PHP/Clang was 77% slower in this benchmark, now only 1% slower.

Symfony Demo:

gcc-base:    mean:  0.5064;  stddev:  0.0008;  diff:  +0.00%
clang-base:  mean:  0.5344;  stddev:  0.0006;  diff:  +5.53%
clang-tail:  mean:  0.5017;  stddev:  0.0008;  diff:  -0.94%

PHP/Clang was 5% slower in this benchmark.

Current interpreter

The interpreter is generated by Zend/zend_vm_gen.php. Multiple modes are supported, but the default (and only supported mode) is the hybrid one, which generates both a call-based interpreter and a GCC-specific interpreter. Which one is actually compiled depends on the compiler being used.

In the call-based interpreter, op code handlers are separate functions, the next opline to execute is stored in execute_data, and execute_data is passed as argument to op handlers:

void execute_ex() {
    while (1) {
        int ret = execute_data->opline->handler(execute_data);
        if (ret != 0) {
            // leave interpreter
        }
    }
}

// example op handler
int ZEND_INIT_FCALL_SPEC_CONST_HANDLER(zend_execute_data *execute_data) {
    // load opline
    const zend_op *opline = execute_data->opline;

    // instruction execution

    // dispatch
    // ZEND_VM_NEXT_OPCODE():
    execute_data->opline++;
    return 0; // ZEND_VM_CONTINUE()
}

Handlers typically load execute_data->opline, execute the operation, update execute_data->opline, and return.

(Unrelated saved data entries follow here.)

(* Let $n\ge2$ and let $\mathfrak{g}_n$ be the Lie algebra defined in the context. Then $\mathfrak{g}_n$ admits $\nu_n=T_{n-2}+1=\frac{(n-1)(n-2)}{2}+1$ functionally independent Casimir invariants, of which $T_{n-2}$ are the central elements $z_{i,j}$; hence there is only one nontrivial Casimir invariant, up to multiplication by scalars and by central elements. Equivalently, the matrix $A=\big(\sum_k c_{ij}^k x_k\big)_{i,j}$ formed from the structure constants of $\mathfrak{g}_n$ in commuting variables has rank $2(n-1)$.
   Context: $\mathbb{K}$ is $\mathbb{R}$ or $\mathbb{C}$; $T_m=m(m+1)/2$. For $n\ge2$, $\mathfrak{g}_n$ is the Lie algebra of dimension $T_n$ with basis $h,x_-,x_+$, $y_{i,\pm}$ ($1\le i\le n-2$), $z_{i,j}$ ($1\le i\le j\le n-2$), whose nonzero brackets (up to antisymmetry) are $[x_+,x_-]=h$, $[h,x_\pm]=\pm2x_\pm$, $[h,y_{i,\pm}]=\pm y_{i,\pm}$, $[x_-,y_{i,+}]=y_{i,-}$, $[x_+,y_{i,-}]=y_{i,+}$, $[y_{i,+},y_{j,-}]=z_{\min(i,j),\max(i,j)}$; all other brackets of basis elements vanish, so the centre is spanned by the $z_{i,j}$. With structure constants $[x_i,x_j]=\sum_k c_{ij}^kx_k$ in a basis $x_1,\dots,x_d$, the number of functionally independent Casimir invariants (functions on $\mathfrak{g}_n^*$ Poisson-commuting, for the Lie–Poisson bracket, with all linear functions) equals $\dim\mathfrak{g}_n-\operatorname{rank}A$ with $A=\big(\sum_kc_{ij}^kx_k\big)_{i,j=1}^d$, the $x_k$ being commuting variables. *)

From HB Require Import structures.
From mathcomp Require Import all_boot all_order all_algebra.
From mathcomp Require Import fraction.
From mathcomp Require Import mpoly.
Set Implicit Arguments. Unset Strict Implicit. Unset Printing Implicit Defensive.
Import Order.TTheory GRing.Theory Num.Theory.
Local Open Scope ring_scope.

Definition T (m : nat) : nat := ((m * m.+1) %/ 2)%N.

(* Basis of g_n, with m = n - 2:
   inl (inl 0) = h, inl (inl 1) = x_-, inl (inl 2) = x_+,
   inl (inr (i, true)) = y_{i,+}, inl (inr (i, false)) = y_{i,-},
   inr (i, j) with i <= j = z_{i,j}. *)
Definition zpred (m : nat) (p : 'I_m * 'I_m) : bool := (p.1 <= p.2)%N.
Definition zidx_t (m : nat) := {p : 'I_m * 'I_m | zpred p}.
Definition gbasis (m : nat) : finType :=
  (('I_3 + ('I_m * bool)) + zidx_t m)%type.

Section Basis.
Variable m : nat.
Definition bh : gbasis m := inl (inl (@Ordinal 3 0 isT)).
Definition bxm : gbasis m := inl (inl (@Ordinal 3 1 isT)).
Definition bxp : gbasis m := inl (inl (@Ordinal 3 2 isT)).
Definition by_ (i : 'I_m) (s : bool) : gbasis m := inl (inr (i, s)).
Lemma zpred_swap (i j : 'I_m) : (i <= j)%N = false -> zpred (j, i).
Proof. by move=> h; rewrite /zpred /=; apply: ltnW; rewrite ltnNge h. Qed.
Definition bz (i j : 'I_m) : gbasis m :=
  (if (i <= j)%N as b return ((i <= j)%N = b -> gbasis m)
   then fun h => inr (exist (fun p => is_true (zpred p)) (i, j) h)
   else fun h => inr (exist (fun p => is_true (zpred p)) (j, i) (zpred_swap h)))
  (erefl _).
End Basis.

(* "Positive" brackets: brp a b = Some (c, e) means [a, b] = c e. *)
Definition brp (K : numFieldType) (m : nat) (a b : gbasis m) : option (K * gbasis m) :=
  match a, b with
  | inl (inl x), inl (inl y) =>
      match nat_of_ord x, nat_of_ord y with
      | 2, 1 => Some (1, bh m)            (* [x_+, x_-] = h *)
      | 0, 2 => Some (2%:R, bxp m)        (* [h, x_+] = 2 x_+ *)
      | 0, 1 => Some (- 2%:R, bxm m)      (* [h, x_-] = -2 x_- *)
      | _, _ => None
      end
  | inl (inl x), inl (inr (i, s)) =>
      match nat_of_ord x, s with
      | 0, true => Some (1, by_ i true)       (* [h, y_{i,+}] = y_{i,+} *)
      | 0, false => Some (-1, by_ i false)    (* [h, y_{i,-}] = -y_{i,-} *)
      | 1, true => Some (1, by_ i false)      (* [x_-, y_{i,+}] = y_{i,-} *)
      | 2, false => Some (1, by_ i true)      (* [x_+, y_{i,-}] = y_{i,+} *)
      | _, _ => None
      end
  | inl (inr (i, true)), inl (inr (j, false)) =>
      Some (1, bz i j)
  | _, _ => None
  end.

Definition br (K : numFieldType) (m : nat) (a b : gbasis m) : option (K * gbasis m) :=
  match brp K a b with
  | Some ce => Some ce
  | None => match brp K b a with
            | Some (c, e) => Some (- c, e)
            | None => None
            end
  end.

Definition dimg (m : nat) : nat := #|gbasis m|.

Definition Aentry (K : numFieldType) (m : nat) (a b : gbasis m) : {mpoly K[dimg m]} :=
  match br K a b with
  | Some (c, e) => c *: 'X_(enum_rank e)
  | None => 0
  end.

Definition Amx (K : numFieldType) (m : nat) : 'M[{fraction {mpoly K[dimg m]}}]_(dimg m) :=
  \matrix_(i, j) tofrac (Aentry K (enum_val i) (enum_val j)).

Definition ncasimir (K : numFieldType) (m : nat) : nat := (dimg m - \rank (Amx K m))%N.

Definition central_basis (K : numFieldType) (m : nat) : {set gbasis m} :=
  [set b | [forall a, br K a b == None]].

From HB Require Import structures.
From mathcomp Require Import all_boot all_order all_algebra.
From mathcomp Require Import fraction.
From mathcomp Require Import mpoly.
From mathcomp Require Import zify.
Set Implicit Arguments. Unset Strict Implicit. Unset Printing Implicit Defensive.
Import Order.TTheory GRing.Theory Num.Theory.
Local Open Scope ring_scope.

(* The central elements z_{i,j} give zero rows and columns of A, so the rank
   of A is that of the square block indexed by h, x_-, x_+ and the y_{i,+-}.
   That block is skew-symmetric of odd size 2(n-2) + 3, hence singular, so
   rank A <= 2(n-1).  Conversely, the minor with rows x_+, x_-, y_{i,+-} and
   the partner columns x_-, x_+, y_{i,-+} is a nonzero polynomial: at the
   point where the coordinates of h and of the z_{i,i} are 1 and all others
   are 0 it specialises to a diagonal matrix with entries +-1. *)

Section RankSubmatrix.
Variable F : fieldType.

Lemma mxrank_rowsub_le m n k (f : 'I_k -> 'I_m) (A : 'M[F]_(m, n)) :
  (\rank (rowsub f A) <= \rank A)%N.
Proof. exact/mxrankS/rowsub_sub. Qed.

Lemma mxrank_colsub_le m n k (g : 'I_k -> 'I_n) (A : 'M[F]_(m, n)) :
  (\rank (colsub g A) <= \rank A)%N.
Proof.
by rewrite -mxrank_tr -[leqRHS]mxrank_tr trmx_mxsub mxrank_rowsub_le.
Qed.

Lemma mxrank_mxsub_le m n m' n' (f : 'I_m' -> 'I_m) (g : 'I_n' -> 'I_n)
    (A : 'M[F]_(m, n)) :
  (\rank (mxsub f g A) <= \rank A)%N.
Proof.
by rewrite mxsubrc; exact: leq_trans (mxrank_rowsub_le _ _) (mxrank_colsub_le _ _).
Qed.

Lemma mxrank_rowsub_supp m n k (f : 'I_k -> 'I_m) (A : 'M[F]_(m, n)) :
  (forall i j, i \notin codom f -> A i j = 0) -> \rank (rowsub f A) = \rank A.
Proof.
move=> A0; apply/eqP; rewrite eqn_leq mxrank_rowsub_le /=.
apply/mxrankS/row_subP => i.
have [/codomP[l ->]|fNi] := boolP (i \in codom f).
  by rewrite -row_rowsub row_sub.
by rewrite (_ : row i A = 0) ?sub0mx //; apply/rowP => j; rewrite !mxE A0.
Qed.

Lemma mxrank_mxsub_supp m n m' n' (f : 'I_m' -> 'I_m) (g : 'I_n' -> 'I_n)
    (A : 'M[F]_(m, n)) :
    (forall i j, i \notin codom f -> A i j = 0) ->
    (forall i j, j \notin codom g -> A i j = 0) ->
  \rank (mxsub f g A) = \rank A.
Proof.
move=> A0r A0c; rewrite mxsubrc mxrank_rowsub_supp => [|i j fNi]; last first.
  by rewrite mxE A0r.
rewrite -mxrank_tr -[RHS]mxrank_tr trmx_mxsub mxrank_rowsub_supp // => j i gNj.
by rewrite mxE A0c.
Qed.

End RankSubmatrix.

Lemma det_skew_odd (R : idomainType) n (A : 'M[R]_n) :
  2%:R != 0 :> R -> A^T = - A -> odd n -> \det A = 0.
Proof.
move=> two_neq0 skewA odd_n.
have detAN : \det A = - \det A.
  by rewrite -{1}det_tr skewA -scaleN1r detZ -signr_odd odd_n mulN1r.
have : 2%:R * \det A == 0 by rewrite mulr_natl mulr2n {2}detAN subrr.
by rewrite mulf_eq0 (negbTE two_neq0) => /eqP.
Qed.

Lemma mxrank_skew_odd (F : fieldType) n (A : 'M[F]_n) :
  2%:R != 0 :> F -> A^T = - A -> odd n -> (\rank A < n)%N.
Proof.
move=> two_neq0 skewA odd_n; rewrite ltn_neqAle rank_leq_row andbT.
apply: contraTneq isT => full.
have : A \in unitmx by rewrite -row_free_unit /row_free full.
by rewrite unitmxE unitfE det_skew_odd ?eqxx.
Qed.

Lemma unitmx_tofrac_meval (R : idomainType) k n (M : 'M[{mpoly R[k]}]_n)
    (v : 'I_k -> R) :
  (\det M).@[v] != 0 -> map_mx (@tofrac _) M \in unitmx.
Proof.
by rewrite unitmxE det_map_mx unitfE tofrac_eq0; apply: contraNneq => ->; rewrite meval0.
Qed.

Lemma T_binomial m : T m = 'C(m.+1, 2).
Proof. by rewrite bin2 /T divn2 mulnC. Qed.

Lemma card_zidx m : #|{: zidx_t m}| = T m.
Proof.
rewrite card_sig T_binomial -sum1_card.
have -> : (\sum_(p in [pred p : 'I_m * 'I_m | zpred p]) 1 =
    \sum_(j < m) \sum_(i < m | (i < j.+1)%N) 1)%N.
  rewrite (exchange_big_dep xpredT) //= pair_big_dep /=.
  by apply: eq_bigl => -[i j]; rewrite inE.
rewrite -bin2_sum big_nat_recl // big_mkord add0n; apply: eq_bigr => j _.
by rewrite (big_ord_narrow_cond (ltn_ord j) (P := xpredT)) sum1_card card_ord.
Qed.

Lemma dimgE m : dimg m = (3 + m * 2 + T m)%N.
Proof. by rewrite /dimg !card_sum card_ord card_prod card_ord card_bool card_zidx. Qed.

Section Brackets.
Variables (K : numFieldType) (m : nat).

Lemma br_inr_l p (b : gbasis m) : br K (inr p) b = None.
Proof. by rewrite /br; case: b => [[[[|[|[|x]]] ?]|[i [|]]]|]. Qed.

Lemma br_inr_r p (b : gbasis m) : br K b (inr p) = None.
Proof. by rewrite /br; case: b => [[[[|[|[|x]]] ?]|[i [|]]]|]. Qed.

Lemma central_basisE : central_basis K m = [set inr p | p : zidx_t m].
Proof.
apply/setP => b; rewrite inE; apply/forallP/imsetP => [|[p _ ->] a]; last first.
  by rewrite br_inr_r.
case: b => [[x|[i s]]|p] b_central; last by exists p.
- case: x b_central => [[|[|[|x]]] ?] b_central //.
  + by have := b_central (bxp m).
  + by have := b_central (bh m).
  + by have := b_central (bh m).
- by have := b_central (bh m); case: s b_central.
Qed.

Lemma brp_swap_None (a b : gbasis m) : brp K a b <> None -> brp K b a = None.
Proof.
case: a => [[x|[i s]]|p]; case: b => [[y|[j t]]|q] //.
- by case: x => [[|[|[|x]]] ?]; case: y => [[|[|[|y]]] ?].
- by case: x => [[|[|[|x]]] ?]; case: t.
- by case: y => [[|[|[|y]]] ?]; case: s.
- by case: s; case: t.
Qed.

Lemma Aentry_swap (a b : gbasis m) : Aentry K b a = - Aentry K a b.
Proof.
rewrite /Aentry /br.
case ab: (brp K a b) => [[c e]|]; first by rewrite brp_swap_None ?ab //= scaleNr.
by case: (brp K b a) => [[c e]|] /=; rewrite ?scaleNr ?opprK ?oppr0.
Qed.

Lemma Amx_skew : (Amx K m)^T = - Amx K m.
Proof. by apply/matrixP => i j; rewrite !mxE Aentry_swap tofracN. Qed.

End Brackets.

Section RankBounds.
Variables (K : numFieldType) (m : nat).
Local Notation N := (dimg m).
Local Notation A := (Amx K m).

Definition xy_elt (w : option 'I_m * bool) : gbasis m :=
  match w with
  | (None, true) => bxp m
  | (None, false) => bxm m
  | (Some i, s) => by_ i s
  end.

Definition xy_partner (w : option 'I_m * bool) : gbasis m := xy_elt (w.1, ~~ w.2).

Definition h_or_zdiag (e : gbasis m) : bool :=
  match e with
  | inl (inl o) => nat_of_ord o == 0%N
  | inl (inr _) => false
  | inr p => (sval p).1 == (sval p).2
  end.

Lemma h_or_zdiag_bz (i j : 'I_m) : h_or_zdiag (bz i j) = (i == j).
Proof.
rewrite /bz; move: (erefl (i <= j)%N).
by case: {2 3}(i <= j)%N => ij /=; last rewrite eq_sym.
Qed.

Definition zdiag_point : 'I_N -> K := fun k => (h_or_zdiag (enum_val k))%:R.

Lemma Aentry_zdiag_point a b : (Aentry K a b).@[zdiag_point] =
  if br K a b is Some (c, e) then c * (h_or_zdiag e)%:R else 0.
Proof.
rewrite /Aentry; case: br => [[c e]|]; last exact: meval0.
by rewrite mevalZ mevalXU /zdiag_point enum_rankK.
Qed.

Lemma Aentry_xy_zdiag_point w w' :
  (Aentry K (xy_elt w) (xy_partner w')).@[zdiag_point] =
  (if w.2 then 1 else -1) *+ (w == w').
Proof.
have eq_Some (i j : 'I_m) : (Some i == Some j) = (i == j) by [].
rewrite Aentry_zdiag_point.
case: w => [[i|] s]; case: w' => [[j|] t]; case: s; case: t => //=;
  rewrite ?h_or_zdiag_bz ?xpair_eqE /= ?andbT ?andbF ?eq_Some
    ?mulr0 ?mul0r ?mulr1n ?mulr0n ?mulr1 ?mul1r //.
all: by rewrite mulN1r eq_sym -mulNrn; case: eqP.
Qed.

Lemma rank_Amx_ge : (2 * m.+1 <= \rank A)%N.
Proof.
pose W := (option 'I_m * bool)%type.
pose rsel (k : 'I_#|{: W}|) : 'I_N := enum_rank (xy_elt (enum_val k)).
pose csel (k : 'I_#|{: W}|) : 'I_N := enum_rank (xy_partner (enum_val k)).
pose M : 'M_#|{: W}| :=
  \matrix_(k, l) Aentry K (xy_elt (enum_val k)) (xy_partner (enum_val l)).
have subAE : mxsub rsel csel A = map_mx (@tofrac _) M.
  by apply/matrixP => k l; rewrite !mxE !enum_rankK.
have detM : (\det M).@[zdiag_point] != 0.
  rewrite -det_map_mx (_ : map_mx _ M =
      diag_mx (\row_k (if (enum_val k).2 then 1 else -1))); last first.
    by apply/matrixP => k l; rewrite !mxE -(inj_eq enum_val_inj) -Aentry_xy_zdiag_point.
  rewrite det_diag; apply/prodf_neq0 => k _; rewrite mxE.
  by case: ifP; rewrite ?oppr_eq0 oner_neq0.
have := mxrank_mxsub_le rsel csel A.
rewrite subAE mxrank_unit ?(unitmx_tofrac_meval detM) //.
by rewrite /W card_prod card_option card_ord card_bool mulnC.
Qed.

Lemma two_fraction_neq0 : 2%:R != 0 :> {fraction {mpoly K[N]}}.
Proof.
by rewrite -(rmorph_nat (@tofrac _)) tofrac_eq0 -mpolyC_nat mpolyC_eq0 pnatr_eq0.
Qed.

Lemma rank_Amx_lt : (\rank A < 2 * m + 3)%N.
Proof.
pose U := ('I_3 + 'I_m * bool)%type.
pose nsel (l : 'I_#|{: U}|) : 'I_N := enum_rank (inl (enum_val l) : gbasis m).
have central_out i : i \notin codom nsel -> exists p, enum_val i = inr p.
  case Ei: (enum_val i) => [u|p] nsel_i; last by exists p.
  by case/codomP: nsel_i; exists (enum_rank u); rewrite /nsel enum_rankK -Ei enum_valK.
rewrite -(mxrank_mxsub_supp (f := nsel) (g := nsel)); first last.
- by move=> i j /central_out[p Ej]; rewrite mxE Ej /Aentry br_inr_r tofrac0.
- by move=> i j /central_out[p Ei]; rewrite mxE Ei /Aentry br_inr_l tofrac0.
have card_U : #|{: U}| = (2 * m + 3)%N.
  by rewrite card_sum card_ord card_prod card_ord card_bool; lia.
rewrite -card_U; apply: mxrank_skew_odd two_fraction_neq0 _ _.
  by rewrite trmx_mxsub Amx_skew; apply/matrixP => k l; rewrite !mxE.
by rewrite card_U oddD oddM.
Qed.

End RankBounds.

Theorem proposition3p4 (K : numFieldType) (n : nat) (hn : (2 <= n)%N) :
  dimg (n - 2) = T n /\
  \rank (Amx K (n - 2)) = (2 * (n - 1))%N /\
  ncasimir K (n - 2) = (T (n - 2) + 1)%N /\
  #|central_basis K (n - 2)| = T (n - 2).
Proof.
case: n hn => [|[|m]] // _; rewrite !subSS !subn0.
have T_SS : T m.+2 = (T m + m.*2 + 3)%N by rewrite !T_binomial !binS !bin1 !bin0; lia.
have rankA : \rank (Amx K m) = (2 * m.+1)%N.
  by have := rank_Amx_ge K m; have := rank_Amx_lt K m; lia.
split; first by rewrite dimgE T_SS; lia.
split; first exact: rankA.
split; first by rewrite /ncasimir rankA dimgE; lia.
by rewrite central_basisE card_imset ?card_zidx //; apply: inr_inj.
Qed.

There is quite a lot of overhead: The call instruction pushes a return address on the stack, the function saves/spills registers, etc. E.g. the code of ZEND_INIT_FCALL_SPEC_CONST_HANDLER() starts with

push   %rbp
push   %r15
push   %r14
push   %rbx
push   %rax

Also, opline needs to be loaded/stored from/to memory.

The GCC interpreter manages to eliminate the overhead. opline->handler is a computed-goto target, which calls the actual handler. Hot handlers are inlined, FP/IP (execute_data/opline) are register variables, handlers take no arguments and have no return value:

void execute_ex() {
    goto opline->handler;
    ZEND_INIT_FCALL_SPEC_CONST_LABEL:
        ZEND_INIT_FCALL_SPEC_CONST_HANDLER(); // inlined
        goto opline->handler;
    ... (other handlers)
    ZEND_RETURN:
        // leave interpreter
}

void always_inline ZEND_INIT_FCALL_SPEC_CONST_HANDLER(void) {
    // opline is already in a register
    
    // instruction execution

    // dispatch
    // ZEND_VM_NEXT_OPCODE():
    opline++;
    return;
}

Changes

Here I had a variation of the call-based interpreter, enabled when using clang-19:

  • execute_data and opline are passed as op handler arguments, so they are always in registers unless they are spilled on the stack
  • handlers tail call the next opline handler: function call overhead is eliminated
  • handlers use the preserve_none calling convention: reduces register save/spills.
void execute_ex() {
    execute_data->opline->handler(execute_data);
    // leave interpreter
}

__attribute__((preserve_none))
int ZEND_INIT_FCALL_SPEC_CONST_HANDLER(zend_execute_data *execute_data, const zend_no *opline) {
    // opline is already loaded

    // instruction execution

    // dispatch
    // ZEND_VM_NEXT_OPCODE():
    opline++;
    __attribute__((musttail)) return opline->handler(execute_data, opline);
}

The musttail attribute is used to force tail calling.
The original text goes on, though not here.